Symptoms[edit | edit source]
The most common symptoms of 18p- include intellectual disability, growth delay, and distinctive facial features. Other symptoms can include hearing loss, heart defects, and hypotonia (low muscle tone). Some affected individuals may also have behavioral problems, including attention deficit hyperactivity disorder (ADHD) and autism spectrum disorder (ASD).

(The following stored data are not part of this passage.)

(* Describe every point P of the ellipse by its focal direction u = (C, S), the
   unit vector from the focus f1 to P.  By the polar equation of the ellipse,
   |P - f1| (a - c C) = b^2, so the focus-inverse of P is
   f1 + rho^2 (a - c C)/b^2 u, which is quadratic in u.
   For a 3-periodic, Joachimsthal's invariant (normal component of the unit
   chord direction) takes the same value on the three sides.  Written in focal
   directions, this says that the three directions pairwise satisfy one
   symmetric "chord relation" u.v - g (u_x + v_x) + K = 0.  For three distinct
   unit vectors this forces u1 + u2 + u3 = (g, 0) and K = (1 + g^2)/2, which pins
   down a c g = 2a^2 - b^2 - delta, the smaller root of an explicit quadratic.
   The distance from the centroid of the inverted triangle to C2 then depends
   only on sum C_i^2 and sum C_i S_i, controlled by the second power sum of
   three unit complex numbers with real sum g. *)

Lemma sqnorm_pos (v : pt) : v <> (0, 0) -> 0 < dot v v.
Proof.
  destruct v as [x y]; unfold dot; cbn [fst snd]; intros hv.
  destruct (Req_dec x 0) as [->|hx].
  - assert (y <> 0) by (intros ->; apply hv; reflexivity). nra.
  - assert (0 < x * x) by nra. nra.
Qed.

Lemma psub_neq0 (P Q : pt) : P <> Q -> psub P Q <> (0, 0).
Proof.
  destruct P as [x y], Q as [x' y']; unfold psub; cbn [fst snd]; intros hne h.
  injection h as hx hy; apply hne; f_equal; lra.
Qed.

(* For three points of the unit circle, 4 (twice the area)^2 is the product of the
   squared side lengths: the relation abc = 4 R Area with circumradius R = 1. *)
Lemma unit_triangle_area (u1 u2 u3 : pt) :
  dot u1 u1 = 1 -> dot u2 u2 = 1 -> dot u3 u3 = 1 ->
  let v := psub u1 u2 in let w := psub u1 u3 in let z := psub u2 u3 in
  4 * ((fst v * snd w - snd v * fst w) * (fst v * snd w - snd v * fst w))
  = dot v v * dot w w * dot z z.
Proof.
  destruct u1, u2, u3; unfold dot, psub; cbn [fst snd]; cbv zeta; intros; nsatz.
Qed.

Lemma unit_triangle_nondegenerate (u1 u2 u3 : pt) :
  dot u1 u1 = 1 -> dot u2 u2 = 1 -> dot u3 u3 = 1 ->
  u1 <> u2 -> u1 <> u3 -> u2 <> u3 ->
  let v := psub u1 u2 in let w := psub u1 u3 in
  fst v * snd w - snd v * fst w <> 0.
Proof.
  intros h1 h2 h3 d12 d13 d23 v w hD.
  pose proof (unit_triangle_area u1 u2 u3 h1 h2 h3) as harea; cbv zeta in harea.
  fold v w in harea; rewrite hD, Rmult_0_l, Rmult_0_r in harea.
  pose proof (sqnorm_pos _ (psub_neq0 _ _ d12)) as hv.
  pose proof (sqnorm_pos _ (psub_neq0 _ _ d13)) as hw.
  pose proof (sqnorm_pos _ (psub_neq0 _ _ d23)) as hz.
  fold v w in hv, hw.
  pose proof (Rmult_lt_0_compat _ _ (Rmult_lt_0_compat _ _ hv hw) hz). lra.
Qed.

Lemma orthogonal_to_basis (s v w : pt) :
  dot s v = 0 -> dot s w = 0 -> fst v * snd w - snd v * fst w <> 0 -> s = (0, 0).
Proof.
  destruct s as [x y], v as [v1 v2], w as [w1 w2]; unfold dot; cbn [fst snd].
  intros hv hw hD.
  assert (hx : x * (v1 * w2 - v2 * w1) = 0).
  { transitivity (w2 * (x * v1 + y * v2) - v2 * (x * w1 + y * w2)); [ring|].
    rewrite hv, hw; ring. }
  assert (hy : y * (v1 * w2 - v2 * w1) = 0).
  { transitivity (v1 * (x * w1 + y * w2) - w1 * (x * v1 + y * v2)); [ring|].
    rewrite hv, hw; ring. }
  apply Rmult_integral in hx, hy.
  destruct hx as [->|]; [|contradiction]; destruct hy as [->|]; [reflexivity|contradiction].
Qed.

(* Joachimsthal's quantity of the chord PQ: the component of the normal at P along
   the unit direction of PQ.  It is conserved along billiard trajectories. *)
Definition joachimsthal (a b : R) (P Q : pt) : R :=
  dot (ellipse_normal a b P) (psub Q P) / pdist Q P.

Lemma normal_bisects_joachimsthal (a b : R) (P Q S : pt) :
  normal_bisects a b P Q S -> joachimsthal a b P Q = joachimsthal a b P S.
Proof.
  destruct P as [p1 p2], Q as [q1 q2], S as [s1 s2].
  unfold normal_bisects, joachimsthal, unit_dir, dot, psub, pscale, ellipse_normal;
    cbn [fst snd].
  intros h; apply Rminus_diag_uniq; rewrite <- h; unfold Rdiv; ring.
Qed.

Lemma pdist_sym (P Q : pt) : pdist P Q = pdist Q P.
Proof. destruct P, Q; unfold pdist, dot, psub; cbn [fst snd]; f_equal; ring. Qed.

(* The quantity of a chord does not depend on the endpoint chosen: both equal
   (xx'/a^2 + yy'/b^2 - 1) / |PQ|. *)
Lemma joachimsthal_sym (a b : R) (P Q : pt) : 0 < a -> 0 < b ->
  on_ellipse a b P -> on_ellipse a b Q -> joachimsthal a b P Q = joachimsthal a b Q P.
Proof.
  intros ha hb hP hQ; unfold joachimsthal; rewrite pdist_sym; f_equal.
  destruct P as [p1 p2], Q as [q1 q2];
    unfold on_ellipse, dot, psub, ellipse_normal in *; cbn [fst snd] in *.
  apply Rminus_diag_uniq.
  transitivity ((q1^2/a^2 + q2^2/b^2) - (p1^2/a^2 + p2^2/b^2)); [field; lra|lra].
Qed.

Lemma ellipse_param (a b : R) (P : pt) : 0 < a -> 0 < b -> on_ellipse a b P ->
  exists X Y, P = (a * X, b * Y) /\ X * X + Y * Y = 1.
Proof.
  destruct P as [x y]; unfold on_ellipse; cbn [fst snd]; intros ha hb h.
  exists (x / a), (y / b); split.
  - f_equal; field; lra.
  - rewrite <- h; field; lra.
Qed.

(* The square m of Joachimsthal's quantity of the chord between the parameters
   (X, Y), (X', Y') is characterized by 1 - <X, X'> = m L, with L the factor of
   |PQ|^2 = (1 - <X, X'>) L complementary to 1 - <X, X'>. *)
Lemma joachimsthal_param (a b X Y X' Y' : R) : 0 < a -> 0 < b ->
  X * X + Y * Y = 1 -> X' * X' + Y' * Y' = 1 -> (X, Y) <> (X', Y') ->
  1 - (X * X' + Y * Y')
  = joachimsthal a b (a * X, b * Y) (a * X', b * Y') ^ 2
    * (a * a + b * b - (a * a - b * b) * (X * X' - Y * Y')).
Proof.
  intros ha hb h h' hne.
  assert (hs : 0 < 1 - (X * X' + Y * Y')).
  { assert (2 * (1 - (X * X' + Y * Y')) = dot (psub (X, Y) (X', Y')) (psub (X, Y) (X', Y'))).
    { unfold dot, psub; cbn [fst snd]; nsatz. }
    pose proof (sqnorm_pos _ (psub_neq0 _ _ hne)); lra. }
  assert (hden : (a * X' - a * X) * (a * X' - a * X) + (b * Y' - b * Y) * (b * Y' - b * Y)
    = (1 - (X * X' + Y * Y')) * (a * a + b * b - (a * a - b * b) * (X * X' - Y * Y')))
    by (clear - h h'; nsatz).
  set (s := 1 - (X * X' + Y * Y')) in *.
  set (L := a * a + b * b - (a * a - b * b) * (X * X' - Y * Y')) in *.
  unfold joachimsthal, pdist, dot, psub, ellipse_normal; cbn [fst snd].
  assert (hnum : a * X / a ^ 2 * (a * X' - a * X) + b * Y / b ^ 2 * (b * Y' - b * Y) = - s).
  { transitivity (X * X' + Y * Y' - (X * X + Y * Y)); [field; lra|rewrite h; unfold s; ring]. }
  rewrite hnum, hden.
  assert (hPQ : (a * X', b * Y') <> (a * X, b * Y)).
  { intros e; injection e as eX eY; apply hne.
    apply Rmult_eq_reg_l in eX, eY; [subst; reflexivity|lra|lra]. }
  assert (hsL : 0 < s * L).
  { rewrite <- hden; exact (sqnorm_pos _ (psub_neq0 _ _ hPQ)). }
  assert (hL : L <> 0) by (intros ->; lra).
  unfold Rdiv; rewrite Rpow_mult_distr, pow_inv, pow2_sqrt by lra.
  field; split; lra.
Qed.

(* The symmetric relation satisfied by the focal directions of any two vertices
   of a 3-periodic, for parameters g, K depending only on the 3-periodic. *)
Definition chord_rel (g K : R) (u v : pt) : Prop :=
  dot u v - g * (fst u + fst v) + K = 0.


Lemma chord_rel_sym (g K : R) (u v : pt) : chord_rel g K u v -> chord_rel g K v u.
Proof. unfold chord_rel, dot; intros h; rewrite <- h; ring. Qed.

(* Subtracting the relations of u1 and u2 with u3: the vector u1 + u2 + u3 - (g, 0)
   is orthogonal to u1 - u2. *)
Lemma chord_rel_difference (g K : R) (u1 u2 u3 : pt) :
  dot u1 u1 = 1 -> dot u2 u2 = 1 ->
  chord_rel g K u1 u3 -> chord_rel g K u2 u3 ->
  dot (psub (padd u1 (padd u2 u3)) (g, 0)) (psub u1 u2) = 0.
Proof.
  destruct u1, u2, u3; unfold chord_rel, dot, psub, padd; cbn [fst snd]; intros; nsatz.
Qed.

Lemma chord_rel_constant (g K C1 S1 C2 S2 C3 S3 : R) :
  C1*C1+S1*S1 = 1 -> C2*C2+S2*S2 = 1 -> C3*C3+S3*S3 = 1 ->
  C1*C2+S1*S2 - g*(C1+C2) + K = 0 ->
  C1*C3+S1*S3 - g*(C1+C3) + K = 0 ->
  C2*C3+S2*S3 - g*(C2+C3) + K = 0 ->
  C1 + (C2 + C3) = g -> S1 + (S2 + S3) = 0 -> 2 * K = 1 + g * g.
Proof. intros; nsatz. Qed.

(* For unit z_i = C_i + i S_i with real sum g, the second power sum equals
   g^2 - 2 g z1 z2 z3, of modulus 2|g|; in coordinates, with sum C_i^2 and
   sum C_i S_i. *)
Lemma unit_triple_second_moment (g C1 S1 C2 S2 C3 S3 : R) :
  C1*C1+S1*S1 = 1 -> C2*C2+S2*S2 = 1 -> C3*C3+S3*S3 = 1 ->
  C1 + (C2 + C3) = g -> S1 + (S2 + S3) = 0 ->
  (g*g + 3 - 2*(C1*C1+C2*C2+C3*C3)) * (g*g + 3 - 2*(C1*C1+C2*C2+C3*C3))
  + 4 * ((C1*S1+C2*S2+C3*S3) * (C1*S1+C2*S2+C3*S3)) = 4 * (g * g).
Proof. intros; nsatz. Qed.

Lemma unit_triple_sum (g K : R) (u1 u2 u3 : pt) :
  dot u1 u1 = 1 -> dot u2 u2 = 1 -> dot u3 u3 = 1 ->
  u1 <> u2 -> u1 <> u3 -> u2 <> u3 ->
  chord_rel g K u1 u2 -> chord_rel g K u1 u3 -> chord_rel g K u2 u3 ->
  padd u1 (padd u2 u3) = (g, 0) /\ 2 * K = 1 + g * g.
Proof.
  intros h1 h2 h3 d12 d13 d23 r12 r13 r23.
  assert (hs : psub (padd u1 (padd u2 u3)) (g, 0) = (0, 0)).
  { apply (orthogonal_to_basis _ (psub u1 u2) (psub u1 u3)).
    - exact (chord_rel_difference g K u1 u2 u3 h1 h2 r13 r23).
    - replace (padd u1 (padd u2 u3)) with (padd u1 (padd u3 u2))
        by (unfold padd; f_equal; cbn [fst snd]; ring).
      exact (chord_rel_difference g K u1 u3 u2 h1 h3 r12 (chord_rel_sym _ _ _ _ r23)).
    - exact (unit_triangle_nondegenerate u1 u2 u3 h1 h2 h3 d12 d13 d23). }
  assert (hsum : padd u1 (padd u2 u3) = (g, 0)).
  { revert hs; destruct (padd u1 (padd u2 u3)) as [x y]; unfold psub; cbn [fst snd].
    intros e; injection e as ex ey; f_equal; lra. }
  split; [exact hsum|].
  revert h1 h2 h3 r12 r13 r23 hsum; destruct u1, u2, u3; unfold chord_rel, dot, padd;
    cbn [fst snd]; intros h1 h2 h3 r12 r13 r23 hsum; injection hsum as hC hS.
  exact (chord_rel_constant _ _ _ _ _ _ _ _ h1 h2 h3 r12 r13 r23 hC hS).
Qed.

Section FocalCoordinates.

Variables a b : R.
Hypothesis b_pos : 0 < b.
Hypothesis b_lt_a : b < a.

Causes[edit | edit source]
18p- is caused by a deletion of genetic material from the short arm of chromosome 18. The size of the deletion can vary among affected individuals. In most cases, the condition occurs randomly and is not inherited from the parents.
Diagnosis[edit | edit source]
The diagnosis of 18p- is usually made based on the presence of characteristic clinical features. Genetic testing can confirm the diagnosis.
Treatment[edit | edit source]
There is currently no cure for 18p-. Treatment is focused on managing the symptoms and improving the quality of life for affected individuals. This can include physical therapy, occupational therapy, and speech therapy for developmental delays, as well as medication for behavioral problems.
See also[edit | edit source]
References[edit | edit source]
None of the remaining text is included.